Two issues arise when defining quantiles.

The equation \(F(x)=p\) may fail to have a unique solution when \(F\) is not strictly increasing. This can occur for any \(F\). Is corresponds to a range of outcome values with probability zero.
When \(F\) is not continuous, the equation \(F(x)=p\) may have no solution: \(F\) can jump from below \(p\) to above \(p\). Simulation and catastrophe models, and all discrete random variables have discontinuous distributions.

Example.

Here’s an example of the problems that can occur.

In [1]: from aggregate.extensions.pir_figures import fig_4_1

In [2]: fig = fig_4_1()

The distribution \(F\) has a flat spot between 0.9 and 1.5 at height \(p=0.417\).
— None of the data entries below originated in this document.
From HB Require Import structures.
From mathcomp Require Import all_boot all_order all_algebra.
From mathcomp Require Import all_classical all_reals ereal.
From mathcomp Require Import ring lra.
Import Order.TTheory GRing.Theory Num.Theory.
Local Open Scope ring_scope.

(* Write an optimal X as y y^T + W, with y the first column of X; then W is psd
   and W_00 = 0.  If some W_kk > 0, let w be the k-th column of W and consider the
   two-parameter family X(a, d) = X + a (y w^T + w y^T) + d w w^T.  It equals
   (y + a w)(y + a w)^T + (1/W_kk + d - a^2) w w^T + S, where S is the Schur
   complement of W_kk in W, so it is psd in the region a^2 <= 1/W_kk + d, of which
   (0, 0) is an interior point.  Objective and constraints are affine in (a, d):
   optimality of (0, 0) and the slack constraint let us slide, without increasing the
   objective, to a point of the parabola a^2 = 1/W_kk + d, unless the optimal face
   contains a ray, which the boundedness hypothesis excludes.  There X(a, d) is again
   optimal, of the form y' y'^T + S, and S has fewer nonzero diagonal entries than W.
   Iterating reaches W = 0, i.e. a rank-one optimal solution. *)

Section PsdMatrices.
Context {R : realType} {m : nat}.
Implicit Types (B C : 'M[R]_m) (u v : 'rV[R]_m) (y z : 'cV[R]_m).

Definition bilform B u v : R := (u *m B *m v^T) 0 0.

Lemma bilformDl B u1 u2 v : bilform B (u1 + u2) v = bilform B u1 v + bilform B u2 v.
Proof. by rewrite /bilform !mulmxDl mxE. Qed.

Lemma bilformZl B t u v : bilform B (t *: u) v = t * bilform B u v.
Proof. by rewrite /bilform -!scalemxAl mxE. Qed.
At \(x=1.5\) it jumps up to \(p=0.791\). The “inverse” to \(F\) at \(p=0.417\) could be any value between 0.9 and 1.5—illustrated by the lower green horizontal dashed line. The inverse at any value \(0.417 < p < 0.791\) does not exist because there is no \(p\) so that \(F(p)=0.6\). However, any rational person looking at the graph would agree that the answer must be \(x=1.5\), where the black dashed line intersects the vertical line \(x=1.5\).
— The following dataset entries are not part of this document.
(* Let $F$ be a field with $\mathrm{char}\,F\ne2$ and let $A$ be an involutive $F$-algebra. The following are equivalent: (i) $A$ is von-Neumann finite; (ii) every $3$-dimensional subalgebra of $A$ is either commutative or associative; (iii) every $3$-dimensional subalgebra of $A$ is either commutative or isomorphic to the algebra $U$ of upper triangular $2\times2$ matrices over $F$.
   Context: Algebras are unital, with bilinear not necessarily associative multiplication. $A$ is involutive if there is an anti-automorphism $a\mapsto\bar a$ with $\bar{\bar a}=a$, $a+\bar a\in F1$ and $a\bar a\in F1$ for all $a\in A$. $A$ is von-Neumann finite if $ab=1$ implies $ba=1$ for all $a,b\in A$. *)

From HB Require Import structures.
From mathcomp Require Import all_boot all_order all_algebra.
Set Implicit Arguments. Unset Strict Implicit. Unset Printing Implicit Defensive.
Import GRing.Theory.
Local Open Scope ring_scope.

(* A unital, not necessarily associative F-algebra is given by a vector space
   V over F together with a bilinear multiplication [mul] and a unit [one]. *)
Section NAlg.
Variables (F : fieldType) (V : lmodType F).

Definition bilinear_mul (mul : V -> V -> V) : Prop :=
  (forall (a : F) (x y z : V), mul (a *: x + y) z = a *: mul x z + mul y z) /\
  (forall (a : F) (x y z : V), mul x (a *: y + z) = a *: mul x y + mul x z).

Definition is_unit_elt (mul : V -> V -> V) (one : V) : Prop :=
  forall x, mul one x = x /\ mul x one = x.

Definition involutive_alg (mul : V -> V -> V) (one : V) (bar : V -> V) : Prop :=
  [/\ (forall (a : F) (x y : V), bar (a *: x + y) = a *: bar x + bar y),
      bijective bar,
      (forall x y, bar (mul x y) = mul (bar y) (bar x))
    & (forall x, bar (bar x) = x)] /\
  ((forall x, exists c : F, x + bar x = c *: one) /\
   (forall x, exists c : F, mul x (bar x) = c *: one)).

Definition vN_finite (mul : V -> V -> V) (one : V) : Prop :=
  forall a b, mul a b = one -> mul b a = one.

Definition span3 (e1 e2 e3 : V) : V -> Prop :=
  fun x => exists a b c : F, x = a *: e1 + b *: e2 + c *: e3.

Definition lin_indep3 (e1 e2 e3 : V) : Prop :=
  forall a b c : F, a *: e1 + b *: e2 + c *: e3 = 0 -> [/\ a = 0, b = 0 & c = 0].

Definition is_subalg (mul : V -> V -> V) (one : V) (S : V -> Prop) : Prop :=
  S one /\ (forall x y, S x -> S y -> S (mul x y)).

Definition commutative_on (mul : V -> V -> V) (S : V -> Prop) : Prop :=
  forall x y, S x -> S y -> mul x y = mul y x.

Definition associative_on (mul : V -> V -> V) (S : V -> Prop) : Prop :=
  forall x y z, S x -> S y -> S z -> mul x (mul y z) = mul (mul x y) z.

Definition upper_tri (M : 'M[F]_2) : Prop :=
  forall i j : 'I_2, (j < i)%N -> M i j = 0.

Definition iso_to_U (mul : V -> V -> V) (S : V -> Prop) : Prop :=
  exists g : 'M[F]_2 -> V,
    [/\ (forall (a : F) (M N : 'M[F]_2), upper_tri M -> upper_tri N ->
           g (a *: M + N) = a *: g M + g N),
        (forall M, upper_tri M -> S (g M)),
        (forall x, S x -> exists2 M, upper_tri M & g M = x),
        (forall M N, upper_tri M -> upper_tri N -> g M = g N -> M = N)
      & (forall M N, upper_tri M -> upper_tri N -> g (M *m N) = mul (g M) (g N))].

End NAlg.

From mathcomp Require Import all_boot all_algebra.
From mathcomp Require Import ring.
From Stdlib Require Import Classical.
Set Implicit Arguments. Unset Strict Implicit. Unset Printing Implicit Defensive.
Import GRing.Theory.
Local Open Scope ring_scope.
When \(F\) is not continuous and \(F(x)=p\) has no solution because \(p\) lies is within a jump, we can still find an \(x\) so that

\[\mathsf{Pr}(X < x)\le p \le \mathsf{Pr}(X\le x).\]

\(\mathsf{Pr}(X<x)\) equals the height of \(F\) at the bottom of the jump and \(\mathsf{Pr}(X\le x)\) at the top. Turning this around, we can also say \(\mathsf{Pr}(X\ge x)\ge 1-p\ge \mathsf{Pr}(X> x)\). At a \(p\) with no jump, \(\mathsf{Pr}(X=x)=0\), \(\mathsf{Pr}(X < x)=p=\mathsf{Pr}(X\le x)\), and we have a well defined inverse, as the lower line at \(p=0.283\) illustrates.
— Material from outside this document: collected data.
Lemma boldmx_symmetrizer (P : 'M[R]_4) (F G : ('I_4 -> R) -> 'M[R]_4)
    (Phi : 'cV[R]_(4 * N * M)) :
  is_diag_mx P -> (forall p, P *m G p = (F p)^T *m P) ->
  ((P *t 1%:M) *t 1%:M) *m boldmx G Phi
  = (boldmx F Phi)^T *m ((P *t 1%:M) *t 1%:M).
Proof.
move=> dP PG; pose E k l i j : 'M[R]_(4 * N * M) :=
  (delta_mx k l *t delta_mx i i) *t delta_mx j j.
have PGE p k l : P k k * G p k l = F p l k * P l l.
  move/matrixP/(_ k l): (PG p).
  by case/diag_mxP: dP => d ->; rewrite mul_diag_mx mul_mx_diag !mxE !eqxx !mulr1n.
have -> : ((P *t 1%:M) *t 1%:M) *m boldmx G Phi =
    \sum_k \sum_l \sum_i \sum_j (P k k * G (nodal Phi i j) k l) *: E k l i j.
  rewrite /boldmx mulmx_sumr; apply: eq_bigr => k _.
  rewrite mulmx_sumr; apply: eq_bigr => l _.
  rewrite mulmx_sumr; apply: eq_bigr => i _.
  rewrite mulmx_sumr; apply: eq_bigr => j _.
  rewrite -scalemxAr !tensmx_mul !mul1mx mul_diag_delta_mx // !tensmxZl.
  by rewrite scalerA mulrC.
rewrite /boldmx exchange_big /= linear_sum mulmx_suml; apply: eq_bigr => l _.
rewrite linear_sum mulmx_suml; apply: eq_bigr => k _.
rewrite linear_sum mulmx_suml; apply: eq_bigr => i _.
rewrite linear_sum mulmx_suml; apply: eq_bigr => j _.
rewrite linearZ /= -scalemxAl !trmx_tens !trmx_delta !tensmx_mul !mulmx1.
by rewrite mul_delta_diag_mx // !tensmxZl scalerA PGE.
Qed.

End NodalBlockMatrix.

Section EulerCoefficients.
Variables (R : realType) (g alpha2 : R).

Lemma Pmat_diag : is_diag_mx (Pmat g alpha2).
Proof.
apply/is_diag_mxP => i j; rewrite !mxE.
by case: i => [[|[|[|[|i]]]] Hi] //; case: j => [[|[|[|[|j]]]] Hj].
Qed.

Lemma mul_Pmat_A2 p : Pmat g alpha2 *m A2 g p = (A1 g p)^T *m Pmat g alpha2.
Proof.
apply/matrixP => k l; rewrite /Pmat /A1 /A2 /mx4.
rewrite !mxE !big_ord_recr !big_ord0 /= !mxE.
move: (p 0)^-1 => y.
by case: k => [[|[|[|[|k]]]] Hk] //; case: l => [[|[|[|[|l]]]] Hl] //=; field.
Qed.

Lemma mul_Pmat_B2 p : Pmat g alpha2 *m B2 g p = (B1 g p)^T *m Pmat g alpha2.
Proof.
apply/matrixP => k l; rewrite /Pmat /B1 /B2 /mx4.
rewrite !mxE !big_ord_recr !big_ord0 /= !mxE.
move: (p 0)^-1 => y.
by case: k => [[|[|[|[|k]]]] Hk] //; case: l => [[|[|[|[|l]]]] Hl] //=; field.
Qed.

End EulerCoefficients.

Section EnergyFlux.
Variables (R : comPzRingType) (n : nat) (P Pt D Q A1 A2 : 'M[R]_n).
Hypotheses (PtD : Pt *m D = Q) (P_sym : P^T = P) (PQ : P *m Q = Q *m P).
Hypotheses (PtA2 : Pt *m A2 = A2 *m Pt) (PA2 : P *m A2 = A1^T *m P).

Lemma bform_flux x :
  bform (P *m Pt) x (D *m (A1 *m x) + A2 *m (D *m x))
  = qform ((Q + Q^T) *m (P *m A1)) x.
Proof.
have QA1 : P *m Pt *m D *m A1 = Q *m (P *m A1).
  by rewrite -(mulmxA P) PtD PQ mulmxA.
have A2Q : P *m Pt *m A2 *m D = (P *m A1)^T *m Q.
  by rewrite -(mulmxA P) PtA2 !mulmxA PA2 -(mulmxA _ Pt) PtD trmx_mul P_sym.
rewrite mulmxDl qformD -[qform (Q^T *m _) x]qform_tr trmx_mul trmxK.
by rewrite -QA1 -A2Q bformDr !bform_mulmxr.
Qed.

End EnergyFlux.

Theorem mainTheorem3 (R : realType) (g alpha2 : R) (N M : nat)
  (Px Qx : 'M[R]_N) (Py Qy : 'M[R]_M) (I : set R) (Phi : R -> 'cV[R]_(4 * N * M)) :
  1 < g -> 0 < alpha2 -> (2 <= N)%N -> (2 <= M)%N ->
  is_SBP Px Qx -> is_SBP Py Qy -> open I ->
  let Dx := invmx Px *m Qx in
  let Dy := invmx Py *m Qy in
  let bDx := ((1%:M : 'M[R]_4) *t Dx) *t (1%:M : 'M[R]_M) in
  let bDy := ((1%:M : 'M[R]_4) *t (1%:M : 'M[R]_N)) *t Dy in
  let tP := ((1%:M : 'M[R]_4) *t Px) *t Py in
  let bP := (Pmat g alpha2 *t (1%:M : 'M[R]_N)) *t (1%:M : 'M[R]_M) in
  let bBx := ((1%:M : 'M[R]_4) *t sbpB R N) *t Py in
  let bBy := ((1%:M : 'M[R]_4) *t Px) *t sbpB R M in
  (forall t, I t -> forall i j, Phi t (idx 0 i j) 0 != 0) ->
  (forall t, I t -> derivable Phi t 1) ->
  (forall t, I t ->
     derive1 Phi t + bDx *m (boldmx (A1 g) (Phi t) *m Phi t)
       + boldmx (A2 g) (Phi t) *m (bDx *m Phi t)
       + bDy *m (boldmx (B1 g) (Phi t) *m Phi t)
       + boldmx (B2 g) (Phi t) *m (bDy *m Phi t) = 0) ->
  let E := fun s => ((Phi s)^T *m (bP *m tP) *m Phi s) 0 0 in
  forall t, I t ->
    let tA := 2 *: (bP *m boldmx (A1 g) (Phi t)) in
    let tB := 2 *: (bP *m boldmx (B1 g) (Phi t)) in
    derivable E t 1 /\
    derive1 E t + ((Phi t)^T *m (bBx *m tA + bBy *m tB) *m Phi t) 0 0 = 0.
Proof.
move=> _ _ _ _ [dPx [Px_pos sQx]] [dPy [Py_pos sQy]] _ Dx Dy bDx bDy tP bP bBx bBy
  _ dPhi scheme E t It tA tB.
set F := Phi t; set X := derive1 Phi t.
pose Qxb := ((1%:M : 'M[R]_4) *t Qx) *t Py.
pose Qyb := ((1%:M : 'M[R]_4) *t Px) *t Qy.
have bP_sym : bP^T = bP by rewrite !trmx_tens !trmx1 (trmx_diag (Pmat_diag _ _)).
have H_sym : (bP *m tP)^T = bP *m tP.
  by rewrite trmx_mul bP_sym !trmx_tens trmx1 (trmx_diag dPx) (trmx_diag dPy) -tensmx11_comm.
have tP_bDx : tP *m bDx = Qxb.
  by rewrite !tensmx_mul !mulmx1 mulKVmx //; apply: unitmx_diag => // i; apply: lt0r_neq0.
have tP_bDy : tP *m bDy = Qyb.
  by rewrite !tensmx_mul !mulmx1 mulKVmx //; apply: unitmx_diag => // i; apply: lt0r_neq0.
have bBxE : bBx = Qxb + Qxb^T.
  by rewrite !trmx_tens trmx1 (trmx_diag dPy) -tensmxDl -tensmxDr sQx.
have bByE : bBy = Qyb + Qyb^T.
  by rewrite !trmx_tens trmx1 (trmx_diag dPx) -tensmxDr sQy.
have fluxX := bform_flux tP_bDx bP_sym (tensmx11_comm _ _ _)
  (boldmx_comm _ _ dPx dPy) (boldmx_symmetrizer _ (Pmat_diag g alpha2) (mul_Pmat_A2 g alpha2)).
have fluxY := bform_flux tP_bDy bP_sym (tensmx11_comm _ _ _)
  (boldmx_comm _ _ dPx dPy) (boldmx_symmetrizer _ (Pmat_diag g alpha2) (mul_Pmat_B2 g alpha2)).
have X_eq : X = - ((bDx *m (boldmx (A1 g) F *m F) + boldmx (A2 g) F *m (bDx *m F))
                 + (bDy *m (boldmx (B1 g) F *m F) + boldmx (B2 g) F *m (bDy *m F))).
  by apply/eqP; rewrite -addr_eq0 !addrA; apply/eqP; exact: scheme.
have dE : is_derive t 1 E (bform (bP *m tP) X F + bform (bP *m tP) F X).
  exact: is_derive_qform (dPhi t It).
split; first by case: dE.
rewrite derive1E derive_val [bform _ X F]bform_tr H_sym X_eq bformNr bformDr.
rewrite fluxX fluxY -[X in _ + X = 0]/(qform (bBx *m tA + bBy *m tB) F).
rewrite qformD -!scalemxAr !qformZ bBxE bByE.
ring.
Qed.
The vertical segment at \(x=1.5\) between \(p=0.417\) and \(p=0.791\) is not strictly a part of \(F\)’s graph, because a function must associate a unique value to each \(x\) in its domain. However, filling in the vertical segment makes it easier to locate inverse values by finding the graph’s intersection with the horizontal line at \(p\) and is recommended in Rockafellar and Royset [2014]. Mentally, you should always fill in jumps in this way, treating the added segment as part of the graph.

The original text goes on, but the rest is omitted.